TASK REQUIREMENTS — Each line from the one containing "rewrite Derive_n_F by" to the end of the entries is to be repeated exactly, and no other line.

TASK DATA —
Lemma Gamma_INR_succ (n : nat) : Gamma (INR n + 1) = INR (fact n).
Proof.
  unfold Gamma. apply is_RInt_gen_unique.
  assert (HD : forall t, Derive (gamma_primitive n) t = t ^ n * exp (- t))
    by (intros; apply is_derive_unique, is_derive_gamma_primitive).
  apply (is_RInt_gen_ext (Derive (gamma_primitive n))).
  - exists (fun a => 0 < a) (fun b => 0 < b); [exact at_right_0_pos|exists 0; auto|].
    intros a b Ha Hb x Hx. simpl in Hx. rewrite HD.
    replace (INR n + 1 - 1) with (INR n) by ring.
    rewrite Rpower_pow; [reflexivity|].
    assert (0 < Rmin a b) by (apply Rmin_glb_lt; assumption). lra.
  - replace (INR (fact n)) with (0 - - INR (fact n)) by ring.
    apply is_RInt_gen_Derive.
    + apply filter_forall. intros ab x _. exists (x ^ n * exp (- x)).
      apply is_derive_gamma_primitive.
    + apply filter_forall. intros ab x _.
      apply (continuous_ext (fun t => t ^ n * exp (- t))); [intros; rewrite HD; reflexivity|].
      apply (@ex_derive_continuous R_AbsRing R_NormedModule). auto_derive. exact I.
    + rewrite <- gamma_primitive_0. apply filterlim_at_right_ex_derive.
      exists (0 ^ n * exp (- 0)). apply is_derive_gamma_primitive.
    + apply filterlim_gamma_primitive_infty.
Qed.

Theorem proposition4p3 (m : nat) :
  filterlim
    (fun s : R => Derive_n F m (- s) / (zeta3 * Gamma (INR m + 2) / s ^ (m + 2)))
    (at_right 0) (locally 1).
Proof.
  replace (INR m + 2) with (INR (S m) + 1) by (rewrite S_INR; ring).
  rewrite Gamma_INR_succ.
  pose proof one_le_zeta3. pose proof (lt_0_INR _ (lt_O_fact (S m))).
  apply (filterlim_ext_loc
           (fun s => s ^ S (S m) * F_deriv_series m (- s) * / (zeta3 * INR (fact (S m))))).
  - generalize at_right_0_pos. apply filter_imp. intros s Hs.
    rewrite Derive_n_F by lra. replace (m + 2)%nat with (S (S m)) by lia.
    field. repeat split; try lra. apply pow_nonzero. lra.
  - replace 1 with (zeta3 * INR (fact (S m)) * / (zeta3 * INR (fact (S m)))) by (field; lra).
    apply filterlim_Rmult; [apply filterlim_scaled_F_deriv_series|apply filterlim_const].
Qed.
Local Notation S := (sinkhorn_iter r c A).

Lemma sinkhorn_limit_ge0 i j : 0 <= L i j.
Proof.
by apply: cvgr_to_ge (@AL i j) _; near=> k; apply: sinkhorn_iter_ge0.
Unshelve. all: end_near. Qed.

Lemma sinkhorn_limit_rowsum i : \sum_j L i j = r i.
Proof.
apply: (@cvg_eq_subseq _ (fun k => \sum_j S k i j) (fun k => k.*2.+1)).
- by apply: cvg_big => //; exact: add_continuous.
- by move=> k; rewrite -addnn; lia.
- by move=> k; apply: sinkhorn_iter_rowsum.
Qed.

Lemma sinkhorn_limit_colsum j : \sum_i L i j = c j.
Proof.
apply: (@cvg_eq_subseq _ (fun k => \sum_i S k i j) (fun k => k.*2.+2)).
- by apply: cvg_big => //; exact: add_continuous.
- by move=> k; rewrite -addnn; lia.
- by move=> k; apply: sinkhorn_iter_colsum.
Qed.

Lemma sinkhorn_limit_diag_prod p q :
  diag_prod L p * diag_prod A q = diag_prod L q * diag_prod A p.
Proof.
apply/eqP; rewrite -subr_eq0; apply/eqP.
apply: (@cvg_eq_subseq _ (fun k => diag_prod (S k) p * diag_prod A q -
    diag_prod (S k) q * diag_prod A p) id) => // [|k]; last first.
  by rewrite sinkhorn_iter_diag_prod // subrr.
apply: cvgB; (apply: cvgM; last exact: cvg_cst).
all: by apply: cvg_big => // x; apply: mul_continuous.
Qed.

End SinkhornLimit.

SOLUTION TO THIS EXERCISE —
    rewrite Derive_n_F by lra. replace (m + 2)%nat with (S (S m)) by lia.
    field. repeat split; try lra. apply pow_nonzero. lra.
  - replace 1 with (zeta3 * INR (fact (S m)) * / (zeta3 * INR (fact (S m)))) by (field; lra).
    apply filterlim_Rmult; [apply filterlim_scaled_F_deriv_series|apply filterlim_const].
Qed.
Local Notation S := (sinkhorn_iter r c A).

Lemma sinkhorn_limit_ge0 i j : 0 <= L i j.
Proof.
by apply: cvgr_to_ge (@AL i j) _; near=> k; apply: sinkhorn_iter_ge0.
Unshelve. all: end_near. Qed.

Lemma sinkhorn_limit_rowsum i : \sum_j L i j = r i.
Proof.
apply: (@cvg_eq_subseq _ (fun k => \sum_j S k i j) (fun k => k.*2.+1)).
- by apply: cvg_big => //; exact: add_continuous.
- by move=> k; rewrite -addnn; lia.
- by move=> k; apply: sinkhorn_iter_rowsum.
Qed.

Lemma sinkhorn_limit_colsum j : \sum_i L i j = c j.
Proof.
apply: (@cvg_eq_subseq _ (fun k => \sum_i S k i j) (fun k => k.*2.+2)).
- by apply: cvg_big => //; exact: add_continuous.
- by move=> k; rewrite -addnn; lia.
- by move=> k; apply: sinkhorn_iter_colsum.
Qed.

Lemma sinkhorn_limit_diag_prod p q :
  diag_prod L p * diag_prod A q = diag_prod L q * diag_prod A p.
Proof.
apply/eqP; rewrite -subr_eq0; apply/eqP.
apply: (@cvg_eq_subseq _ (fun k => diag_prod (S k) p * diag_prod A q -
    diag_prod (S k) q * diag_prod A p) id) => // [|k]; last first.
  by rewrite sinkhorn_iter_diag_prod // subrr.
apply: cvgB; (apply: cvgM; last exact: cvg_cst).
all: by apply: cvg_big => // x; apply: mul_continuous.
Qed.

End SinkhornLimit.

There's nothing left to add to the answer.